Settings: Tonal preset, Selection_percentile = 40–60. Output contains only pitched frames (voice, instrument) — breath, clicks, and noise removed.

Timbre-based collage / sampling

Use case: Extract all bright sibilant moments from a recording for a stutter or glitch effect.

Settings: Bright preset, Selection_percentile = 20. Output is a concatenation of all high-centroid frames (e.g., "s", "sh", cymbal hits).

Isolate bass / low-frequency content

Use case: Extract low-pitched sections from a mixed recording.

Settings: Low Pitch preset, Selection_percentile = 25. Output contains only frames where pitch is in the lowest quartile.

Exploratory / compositional PCA selection

Use case: Find all frames with timbre similar to a specific region.

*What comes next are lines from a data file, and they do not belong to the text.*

Lemma fixed_point_unique (p p' : 'I_n -> R) :
  (forall i, 0 < p i) -> (forall i, p i = h p i) ->
  (forall i, 0 < p' i) -> (forall i, p' i = h p' i) -> p' = p.
Proof.
move=> p_gt0 p_fix p'_gt0 p'_fix; apply/funext => i.
have iter_p' l : iter l h p' = p'.
  by elim: l => //= l ->; apply/funext => k; rewrite -p'_fix.
have := contracts_cvg p_gt0 (h_contracts p_gt0 p_fix) p'_gt0 (i := i).
under eq_fun do rewrite iter_p'.
by move=> c; exact: (cvg_unique _ (cvg_cst (p' i)) c).
Qed.

End Network.

Theorem theorem2 (R : realType) (n m : nat)
  (J : 'I_n -> {set 'I_m}) (g : 'I_n -> 'I_m -> R) (sigma2 : R)
  (x : 'I_n -> R) (r : 'I_n -> 'I_m -> R) :
  (forall i, J i != finset.set0) ->
  (forall i i', i != i' -> fintype.disjoint (mem (J i)) (mem (J i'))) ->
  (forall k j, 0 < g k j) ->
  0 < sigma2 ->
  (forall i, 0 < x i) ->
  (forall i j, j \in J i -> 0 < r i j) ->
  (forall p : 'I_n -> R, (forall i, 0 < p i) ->
     ((forall i, x i = f J g sigma2 r p x i) <->
      (forall i, p i = h J g sigma2 x r p i))) /\
  standard_interference (h J g sigma2 x r) /\
  (forall p : 'I_n -> R, (forall i, 0 < p i) ->
     (forall i, x i = f J g sigma2 r p x i) ->
     (forall p' : 'I_n -> R, (forall i, 0 < p' i) ->
        (forall i, x i = f J g sigma2 r p' x i) -> p' = p) /\
     (forall p0 : 'I_n -> R, (forall i, 0 < p0 i) ->
        (forall i, (fun l : nat => iter l (h J g sigma2 x r) p0 i) @ \oo --> p i) /\
        (forall i, (fun l : nat => iter l (async_step J g sigma2 x r) p0 i)
                     @ \oo --> p i))).
Proof.
(* the user sets need not be disjoint *)
move=> J_neq0 _ g_gt0 sigma2_gt0 x_gt0 r_gt0.
have npce := npce_iff J_neq0 g_gt0 sigma2_gt0 x_gt0 r_gt0.
split; first exact: npce.
split; first exact: h_standard J_neq0 g_gt0 sigma2_gt0 x_gt0 r_gt0.
move=> p p_gt0 /(npce _ p_gt0) p_fix.
split=> [p' p'_gt0 /(npce _ p'_gt0) p'_fix | p0 p0_gt0].
  exact: (fixed_point_unique J_neq0 g_gt0 sigma2_gt0 x_gt0 r_gt0 p_gt0 p_fix
    p'_gt0 p'_fix).
exact: (iap_cvg J_neq0 g_gt0 sigma2_gt0 x_gt0 r_gt0 p_gt0 p_fix p0_gt0).
Qed.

Settings: Custom (PCA). First run with a preset to see the PCA scatter plot, then manually pick target coordinates from a frame of interest. Rerun to select frames near that point in timbre space.

Workflow: Vocal → Sibilance-only phrase

Source: Spoken word recording.
Settings: Bright preset, Selection_percentile = 20.
Result: The output contains only the "s", "sh", "f", "th" sounds — a sibilance stutter effect.

Workflow: Drum loop → Noise-only rhythmic texture

Source: Drum loop (kick, snare, hi-hat, room).
Settings: Noisy preset, Selection_percentile = 30.
Result: Only the snare's noise tail, hi-hat hiss, and room ambience are kept — a breathy, granular texture with the same rhythm.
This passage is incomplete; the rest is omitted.